You can use it o replace $ref values in schemas with other types - either an "object", a "uri" or a database "objectid".
For example if your schema contains a $ref value (either locally or remote):
"birthPlace": {
"$ref": "http://example.com/place.json"
}
Then the default behaviour is to include the referenced schema, resulting in:
birthPlace: {
$schema: "http://json-schema.org/schema#",
title: "Place Schema",
type: "object",
properties: {
// List of properties
}
}
Using REPLACE_REF="uri" npm start
would do this:
birthPlace: {
type: "string",
format: "uri",
description: "The URL of a resource matching the schema http://example.com/place.json"
}
Using REPLACE_REF="object" npm start
would do this:
birthPlace: {
type: "object",
properties: { },
additionalProperties: true,
description: "An object matching the schema http://example.com/place.json"
}
Using REPLACE_REF="objectid" npm start
would do this:
birthPlace: {
type: "string",
format: "objectid",
pattern: "^[0-9a-fA-F]{24}$",
description: "The ObjectID of an object in the database matching the schema http://example.com/place.json"
}
Note that setting REPLACE_REF impacts ALL references in ALL schemas (except circular references - see the section "Circular references" below).
The the validator can't currently handle schemas with circular references.
The default behaviour when it detects circular references in a schema is to treat the properties that reference other schemas in that schema to plain objects and to skip validation of those properties (i.e. allow any object).
You can use the REPLACE_CIRCULAR_REF environment variable just like REPLACE_REF but to impact only schemas with circular references - so you can have schemas with circular references instead require URIs or ObjectIDs for entities they reference, instead of plain objects.
You can add and remove properties from your schema at any time - you just need to restart the server for the changes to take effect.
If you want to edit an existing property (e.g. to rename 'surname' to 'lastName') them you'll need to also update the collection in the database manually.

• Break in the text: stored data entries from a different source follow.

(* Let $n\ge 3$ and let $x_1<x_2<\dots<x_n$ be nodes with data values $f_1,\dots,f_n$. Set $h_i=x_{i+1}-x_i$, $m_i=(f_{i+1}-f_i)/h_i$ for $1\le i\le n-1$, and $\lambda_i=\frac{h_{i+1}}{h_i+h_{i+1}}$, $\mu_i=\frac{h_i}{h_i+h_{i+1}}$ for $1\le i\le n-2$. Let $P$ be the cubic spline defined as follows. Given boundary values $\dot f_1,\dot f_n\in\mathbb{R}$, the interior derivative values $\dot f_2,\dots,\dot f_{n-1}$ are the unique solution of the linear system $$\lambda_i\dot f_i+2\dot f_{i+1}+\mu_i\dot f_{i+2}=3(\lambda_i m_i+\mu_i m_{i+1}),\qquad i=1,\dots,n-2,$$ in which $\dot f_1$ and $\dot f_n$ are regarded as known. On each interval $[x_i,x_{i+1}]$, $1\le i\le n-1$, $P$ coincides with the cubic polynomial $$P_i(x)=f_i+\dot f_i(x-x_i)+\frac{m_i-\dot f_i}{h_i}(x-x_i)^2+\frac{\dot f_{i+1}+\dot f_i-2m_i}{h_i^2}(x-x_i)^2(x-x_{i+1}).$$ Let $\widetilde P$, with pieces $\widetilde P_i$, be the cubic spline constructed in exactly the same way from the same nodes and data values $f_i$, but with boundary values $\dot{\widetilde f}_1\neq\dot f_1$ and $\dot{\widetilde f}_n\neq\dot f_n$. Its interior derivative values $\dot{\widetilde f}_2,\dots,\dot{\widetilde f}_{n-1}$ are obtained by solving the same system with these boundary values. Then for every $i$ with $2\le i\le n-2$ and every $x\in[x_i,x_{i+1}]$, $$|P_i(x)-\widetilde P_i(x)|\le 8h_i\left(2^{-i}\lambda_1|\dot{\widetilde f}_1-\dot f_1|+\mu_{n-2}2^{i-n}|\dot{\widetilde f}_n-\dot f_n|\right).$$
   Context: The polynomial $P_i$ is the cubic Hermite interpolant on $[x_i,x_{i+1}]$. It satisfies $P_i(x_i)=f_i$, $P_i(x_{i+1})=f_{i+1}$, $P_i'(x_i)=\dot f_i$ and $P_i'(x_{i+1})=\dot f_{i+1}$. The linear system is exactly the condition that the second derivatives of consecutive pieces agree at the interior nodes, so the spline is $C^2$. The coefficient matrix of the system is strictly diagonally dominant, so the system has a unique solution. *)

From HB Require Import structures.
From mathcomp Require Import all_boot all_order all_algebra.
Set Implicit Arguments. Unset Strict Implicit. Unset Printing Implicit Defensive.
Import Order.TTheory GRing.Theory Num.Theory.
Local Open Scope ring_scope.

(* Indices are 1-based as in the paper; nodes x, data f and derivative
   values df are functions nat -> R (only indices 1..n matter). *)
Section Spline.
Variable R : realFieldType.
Variables (x f : nat -> R).

Definition h (i : nat) : R := x i.+1 - x i.
Definition slope (i : nat) : R := (f i.+1 - f i) / h i.
Definition lam (i : nat) : R := h i.+1 / (h i + h i.+1).
Definition mu (i : nat) : R := h i / (h i + h i.+1).

Definition spline_system (n : nat) (df : nat -> R) : Prop :=
  forall i : nat, (1 <= i <= n - 2)%N ->
    lam i * df i + 2 * df i.+1 + mu i * df i.+2 =
    3 * (lam i * slope i + mu i * slope i.+1).

Definition Ppiece (df : nat -> R) (i : nat) (t : R) : R :=
  f i + df i * (t - x i)
  + (slope i - df i) / h i * (t - x i) ^+ 2
  + (df i.+1 + df i - 2 * slope i) / (h i ^+ 2) * (t - x i) ^+ 2 * (t - x i.+1).

End Spline.

(* The difference e = dft - df solves the spline system with zero right-hand
   side, 2 e_(j+1) = -(lam_j e_j + mu_j e_(j+2)) with lam_j + mu_j = 1, so |e| is
   a subsolution: 2 |e_(j+1)| <= lam_j |e_j| + mu_j |e_(j+2)|.  The barrier
   A 2^-j + B 2^j is a strict supersolution of the same inequality, and a
   discrete maximum principle for the ratio |e_j| / (A 2^-j + B 2^j), with the
   boundary terms lam_1 |e_1| and mu_(n-2) |e_n| absorbed into A and B, yields
   geometric decay of e away from both ends.  On [x_i, x_(i+1)] the two Hermite
   pieces differ by multiples of e_i and e_(i+1) with weights in [0, h_i]. *)

From HB Require Import structures.
From mathcomp Require Import all_boot all_order all_algebra.
From mathcomp Require Import ring lra zify.
Set Implicit Arguments. Unset Strict Implicit. Unset Printing Implicit Defensive.
Import Order.TTheory GRing.Theory Num.Theory.
Local Open Scope ring_scope.

Lemma nat_interval_argmax {d} {T : orderType d} (F : nat -> T) (lo hi : nat) :
  (lo <= hi)%N ->
  exists2 k, (lo <= k <= hi)%N & forall j, (lo <= j <= hi)%N -> (F j <= F k)%O.
Proof.
move=> lo_hi; have lo_lt : (lo < hi.+1)%N by [].
have [k lo_k k_max] :=
  @arg_maxP _ _ 'I_hi.+1 (Ordinal lo_lt) (fun k => lo <= k)%N (F \o val) (leqnn lo).
exists k; first by rewrite lo_k -ltnS ltn_ord.
by move=> j /andP[lo_j j_hi]; exact: (k_max (Ordinal (j_hi : (j < hi.+1)%N))).
Qed.

Lemma ratio_max_principle (R : realFieldType) (v w : nat -> R) (lo hi : nat) :
  (lo <= hi)%N -> (forall j, (lo <= j <= hi)%N -> 0 < w j) ->
  (forall M, 1 < M -> (forall j, (lo <= j <= hi)%N -> v j <= M * w j) ->
     forall k, (lo <= k <= hi)%N -> v k < M * w k) ->
  forall j, (lo <= j <= hi)%N -> v j <= w j.
Proof.
move=> lo_hi w_gt0 no_touch.
have [k k_in k_max] := nat_interval_argmax (fun j => v j / w j) lo_hi.
have v_le j : (lo <= j <= hi)%N -> v j <= v k / w k * w j.
  by move=> j_in; rewrite -ler_pdivrMr ?w_gt0 //; exact: k_max.
have [M_gt1 | M_le1] := ltrP 1 (v k / w k).
  by have := no_touch _ M_gt1 v_le k k_in; rewrite divfK ?gt_eqF ?w_gt0 // ltxx.
move=> j j_in; apply: le_trans (v_le j j_in) _.
by rewrite ler_piMl // ltW ?w_gt0.
Qed.

Definition barrier (R : realFieldType) (A B : R) (j : nat) : R := A / 2 ^+ j + B * 2 ^+ j.

Lemma barrier_gt0 (R : realFieldType) (A B : R) j : 0 < A -> 0 < B -> 0 < barrier A B j.
Proof. by move=> A_gt0 B_gt0; rewrite addr_gt0 ?mulr_gt0 ?invr_gt0 ?exprn_gt0. Qed.

Lemma barrier_supersolution (R : realFieldType) (A B l m : R) (j : nat) :
  0 < A -> 0 < B -> 0 < l -> 0 < m -> l + m = 1 ->
  Num.max (l * barrier A B j) (3 / 2 * (A / 2 ^+ j.+1))
  + Num.max (m * barrier A B j.+2) (3 / 2 * (B * 2 ^+ j.+1))
  < 2 * barrier A B j.+1.
Proof.
move=> A_gt0 B_gt0 l_gt0 m_gt0 lm1.
have p_gt0 : (0 : R) < 2 ^+ j by rewrite exprn_gt0.
rewrite /barrier !exprS.
set a := A / (2 * 2 ^+ j); set b := B * (2 * 2 ^+ j).
have a_gt0 : 0 < a by rewrite divr_gt0 ?mulr_gt0.
have b_gt0 : 0 < b by rewrite !mulr_gt0.
have -> : A / 2 ^+ j + B * 2 ^+ j = 2 * a + b / 2.
  by rewrite /a /b; field; rewrite gt_eqF.
have -> : A / (2 * (2 * 2 ^+ j)) + B * (2 * (2 * 2 ^+ j)) = a / 2 + 2 * b.
  by rewrite /a /b; field; rewrite gt_eqF.
by case: (leP (l * _) _); case: (leP (m * _) _); nra.
Qed.

Lemma barrier_pair_le (R : realFieldType) (a b : R) (n i : nat) :
  (i < n)%N -> 0 <= a -> 0 <= b ->
  barrier (8 / 3 * a) (4 / 3 * b / 2 ^+ n) i + barrier (8 / 3 * a) (4 / 3 * b / 2 ^+ n) i.+1
    <= 8 * ((2 ^+ i)^-1 * a + b * (2 ^+ (n - i))^-1).
Proof.
move=> i_lt a_ge0 b_ge0.
set S := (2 ^+ i)^-1 * a + b * (2 ^+ (n - i))^-1.
have S_ge0 : 0 <= S by rewrite addr_ge0 ?mulr_ge0 ?invr_ge0 ?exprn_ge0.
have -> : barrier (8 / 3 * a) (4 / 3 * b / 2 ^+ n) i
          + barrier (8 / 3 * a) (4 / 3 * b / 2 ^+ n) i.+1 = 4 * S.
  by rewrite /S (expfB _ i_lt) /barrier exprS; field; rewrite !gt_eqF ?exprn_gt0.
by rewrite ler_wpM2r // ler_nat.
Qed.

Section TridiagonalDecay.
Variables (R : realFieldType) (n : nat) (lam mu e : nat -> R).
Hypothesis n_ge3 : (3 <= n)%N.
Hypothesis weights : forall j, (1 <= j <= n - 2)%N ->
  [/\ 0 < lam j, 0 < mu j & lam j + mu j = 1].
Hypothesis recurrence : forall j, (1 <= j <= n - 2)%N ->
  lam j * e j + 2 * e j.+1 + mu j * e j.+2 = 0.
Hypotheses (e1_neq0 : e 1%N != 0) (en_neq0 : e n != 0).

Lemma norm_recurrence j : (1 <= j <= n - 2)%N ->
  2 * `|e j.+1| <= lam j * `|e j| + mu j * `|e j.+2|.
Proof.
move=> j_in; have [l_gt0 m_gt0 _] := weights j_in.
have E : 2 * e j.+1 = - (lam j * e j + mu j * e j.+2).
  by apply/eqP; rewrite -addr_eq0 addrCA addrA recurrence.
have := ler_normD (lam j * e j) (mu j * e j.+2).
by rewrite -normrN -E !normrM (gtr0_norm l_gt0) (gtr0_norm m_gt0) ger0_norm.
Qed.

(* Chosen so that lam_1 |e_1| = 3/2 * A / 2^2 and mu_(n-2) |e_n| = 3/2 * B 2^(n-1):
   the boundary terms are then the second alternatives of the maxima in
   [barrier_supersolution]. *)
Let A := 8 / 3 * (lam 1%N * `|e 1%N|).
Let B := 4 / 3 * (mu (n - 2)%N * `|e n|) / 2 ^+ n.

Let A_gt0 : 0 < A.
Proof.
have [l1_gt0 _ _] := @weights 1%N ltac:(lia).
have src_gt0 : 0 < lam 1%N * `|e 1%N| by rewrite mulr_gt0 ?normr_gt0.
by rewrite /A; lra.
Qed.

Let B_gt0 : 0 < B.
Proof.
have [_ mn_gt0 _] := @weights (n - 2)%N ltac:(lia).
have src_gt0 : 0 < mu (n - 2)%N * `|e n| by rewrite mulr_gt0 ?normr_gt0.
by rewrite /B divr_gt0 ?exprn_gt0 //; lra.
Qed.

Lemma norm_lt_scaled_barrier M : 1 < M ->
    (forall k, (2 <= k <= n - 1)%N -> `|e k| <= M * barrier A B k) ->
  forall j, (1 <= j <= n - 2)%N -> `|e j.+1| < M * barrier A B j.+1.
Proof.
move=> M_gt1 le_M j j_in; have M_gt0 := lt_trans ltr01 M_gt1.
have [l_gt0 m_gt0 lm1] := weights j_in.
have src_le (s t : R) : 0 <= s -> s <= M * Num.max t s.
  move=> s_ge0; apply: (@le_trans _ _ (M * s)); first by rewrite ler_peMl // ltW.
  by rewrite ler_pM2l // le_max lexx orbT.
have left : lam j * `|e j| <= M * Num.max (lam j * barrier A B j) (3 / 2 * (A / 2 ^+ j.+1)).
  have [-> | j_ne1] := eqVneq j 1%N.
    have -> : lam 1%N * `|e 1%N| = 3 / 2 * (A / 2 ^+ 2) by rewrite /A; field.
    by apply: src_le; rewrite mulr_ge0 ?divr_ge0 ?ler0n ?exprn_ge0 ?(ltW A_gt0).
  apply: (@le_trans _ _ (lam j * (M * barrier A B j))).
    by rewrite ler_pM2l // le_M //; clear -j_in j_ne1; lia.
  by rewrite mulrCA ler_pM2l // le_max lexx.
have right : mu j * `|e j.+2| <= M * Num.max (mu j * barrier A B j.+2) (3 / 2 * (B * 2 ^+ j.+1)).
  have [jn | jn] := eqVneq j.+2 n.
    have -> : mu j * `|e j.+2| = 3 / 2 * (B * 2 ^+ j.+1).
      by rewrite /B -jn subSS subSS subn0 !exprS; field; rewrite gt_eqF ?exprn_gt0.
    by apply: src_le; rewrite mulr_ge0 ?divr_ge0 ?ler0n // mulr_ge0 ?exprn_ge0 ?(ltW B_gt0).
  apply: (@le_trans _ _ (mu j * (M * barrier A B j.+2))).
    by rewrite ler_pM2l // le_M //; clear -j_in jn n_ge3; lia.
  by rewrite mulrCA ler_pM2l // le_max lexx.
rewrite -(ltr_pM2l (_ : 0 < 2)) // mulrCA.
apply: le_lt_trans (norm_recurrence j_in) _.
apply: le_lt_trans (lerD left right) _.
by rewrite -mulrDr ltr_pM2l ?barrier_supersolution.
Qed.

Lemma tridiag_decay i : (2 <= i <= n - 1)%N -> `|e i| <= barrier A B i.
Proof.
move=> i_in; apply: (ratio_max_principle (v := fun k => `|e k|) _ _ _ i_in).
- by clear -n_ge3; lia.
- by move=> k _; exact: barrier_gt0.
move=> M M_gt1 le_M [|j] // j_in.
by apply: norm_lt_scaled_barrier; last by clear -j_in; lia.
Qed.
End TridiagonalDecay.

Definition hermite_slope_weight (R : realFieldType) (hh u : R) : R :=
  u * (hh - u) ^+ 2 / hh ^+ 2.

Lemma hermite_slope_weight_bound (R : realFieldType) (hh u : R) :
  0 < hh -> 0 <= u <= hh -> 0 <= hermite_slope_weight hh u <= hh.
Proof.
move=> hh_gt0 /andP[u_ge0 u_le]; have hu_ge0 : 0 <= hh - u by rewrite subr_ge0.
rewrite /hermite_slope_weight divr_ge0 ?sqr_ge0 ?mulr_ge0 ?sqr_ge0 //=.
rewrite ler_pdivrMr ?exprn_gt0 //.
have sq_le : (hh - u) ^+ 2 <= hh ^+ 2 by rewrite ler_sqr ?nnegrE ?(ltW hh_gt0) // gerBl.
exact: ler_pM (sqr_ge0 _) u_le sq_le.
Qed.

Section HermitePiece.
Variables (R : realFieldType) (x f df dft : nat -> R) (i : nat).
Hypothesis h_gt0 : 0 < h x i.

Lemma Ppiece_sub t :
  Ppiece x f df i t - Ppiece x f dft i t =
  hermite_slope_weight (h x i) (t - x i) * (df i - dft i)
  - hermite_slope_weight (h x i) (x i.+1 - t) * (df i.+1 - dft i.+1).
Proof.
rewrite /Ppiece /slope /hermite_slope_weight.
have -> : x i.+1 = x i + h x i by rewrite /h addrC subrK.
move: (h x i) h_gt0 => hh hh_gt0.
by field; rewrite gt_eqF.
Qed.

Lemma Ppiece_sub_le t : x i <= t <= x i.+1 ->
  `|Ppiece x f df i t - Ppiece x f dft i t|
    <= h x i * (`|dft i - df i| + `|dft i.+1 - df i.+1|).
Proof.
move=> /andP[xi_le le_xi1].
have /andP[c1_ge0 c1_le] : 0 <= hermite_slope_weight (h x i) (t - x i) <= h x i.
  by apply: hermite_slope_weight_bound; rewrite // subr_ge0 xi_le lerD2r.
have /andP[c2_ge0 c2_le] : 0 <= hermite_slope_weight (h x i) (x i.+1 - t) <= h x i.
  by apply: hermite_slope_weight_bound; rewrite // subr_ge0 le_xi1 lerD2l lerN2.
rewrite Ppiece_sub; apply: le_trans (ler_normB _ _) _.
rewrite normrM (ger0_norm c1_ge0) normrM (ger0_norm c2_ge0).
rewrite (distrC (df i)) (distrC (df i.+1)).
by rewrite mulrDr lerD // ler_wpM2r.
Qed.

End HermitePiece.

Lemma lam_mu_weights (R : realFieldType) (x : nat -> R) j :
  0 < h x j -> 0 < h x j.+1 -> [/\ 0 < lam x j, 0 < mu x j & lam x j + mu x j = 1].
Proof.
move=> h_gt0 h1_gt0; have hs_gt0 : 0 < h x j + h x j.+1 by rewrite addr_gt0.
rewrite /lam /mu !divr_gt0 //; split=> //.
by rewrite -mulrDl addrC divff ?gt_eqF.
Qed.

Lemma spline_system_sub (R : realFieldType) (x f : nat -> R) n df dft :
  spline_system x f n df -> spline_system x f n dft ->
  forall j, (1 <= j <= n - 2)%N ->
    lam x j * (dft j - df j) + 2 * (dft j.+1 - df j.+1) + mu x j * (dft j.+2 - df j.+2) = 0.
Proof.
move=> sys_df sys_dft j j_in.
rewrite -(subrr (3 * (lam x j * slope x f j + mu x j * slope x f j.+1))).
by rewrite -{1}(sys_dft j j_in) -(sys_df j j_in); ring.
Qed.

Theorem proposition1 (R : realFieldType) (n : nat) (x f df dft : nat -> R) :
  (3 <= n)%N ->
  (forall i : nat, (1 <= i < n)%N -> x i < x i.+1) ->
  spline_system x f n df ->
  spline_system x f n dft ->
  dft 1%N != df 1%N ->
  dft n != df n ->
  forall (i : nat) (t : R), (2 <= i <= n - 2)%N ->
    x i <= t <= x i.+1 ->
    `|Ppiece x f df i t - Ppiece x f dft i t|
      <= 8 * h x i * ((2 ^+ i)^-1 * lam x 1 * `|dft 1%N - df 1%N|
                      + mu x (n - 2) * (2 ^+ (n - i))^-1 * `|dft n - df n|).
Proof.
move=> n_ge3 x_incr sys_df sys_dft e1_neq0 en_neq0 i t i_in t_in.
have h_gt0 j : (1 <= j < n)%N -> 0 < h x j by move=> j_in; rewrite subr_gt0 x_incr.
have weights j : (1 <= j <= n - 2)%N -> [/\ 0 < lam x j, 0 < mu x j & lam x j + mu x j = 1].
  by move=> j_in; apply: lam_mu_weights; apply: h_gt0; clear -j_in; lia.
have [l1_gt0 _ _] := weights 1%N ltac:(clear -n_ge3; lia).
have [_ mn_gt0 _] := weights (n - 2)%N ltac:(clear -n_ge3; lia).
rewrite -subr_eq0 in e1_neq0; rewrite -subr_eq0 in en_neq0.
have decay := tridiag_decay n_ge3 weights (spline_system_sub sys_df sys_dft) e1_neq0 en_neq0.
have hi_gt0 : 0 < h x i by apply: h_gt0; clear -i_in; lia.
apply: le_trans (Ppiece_sub_le _ _ _ hi_gt0 t_in) _.
rewrite -[8 * h x i * _]mulrA mulrCA ler_pM2l //.
apply: le_trans (lerD (decay i ltac:(clear -i_in; lia)) (decay i.+1 ltac:(clear -i_in; lia))) _.
have -> : (2 ^+ i)^-1 * lam x 1 * `|dft 1%N - df 1%N| + mu x (n - 2) * (2 ^+ (n - i))^-1 * `|dft n - df n|
  = (2 ^+ i)^-1 * (lam x 1 * `|dft 1%N - df 1%N|) + (mu x (n - 2) * `|dft n - df n|) * (2 ^+ (n - i))^-1.
  by ring.
apply: barrier_pair_le; first by clear -i_in; lia.
  exact: mulr_ge0 (ltW l1_gt0) (normr_ge0 _).
exact: mulr_ge0 (ltW mn_gt0) (normr_ge0 _).
Qed.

Example of a MongoDB command to rename a property in all records in the 'entities' collection:
db.entities.update({}, {$rename:{"surname":"lastName"}}, false, true);
You can use the standard mongodump
and mongorestore
commands for backups.
mongodump --db structured-data
mongorestore --db structured-data dump/structured-data
Contributions in the form of pull requests with bug fixes, enhancements and tests - as well as bug reports and feature requests - are all welcome.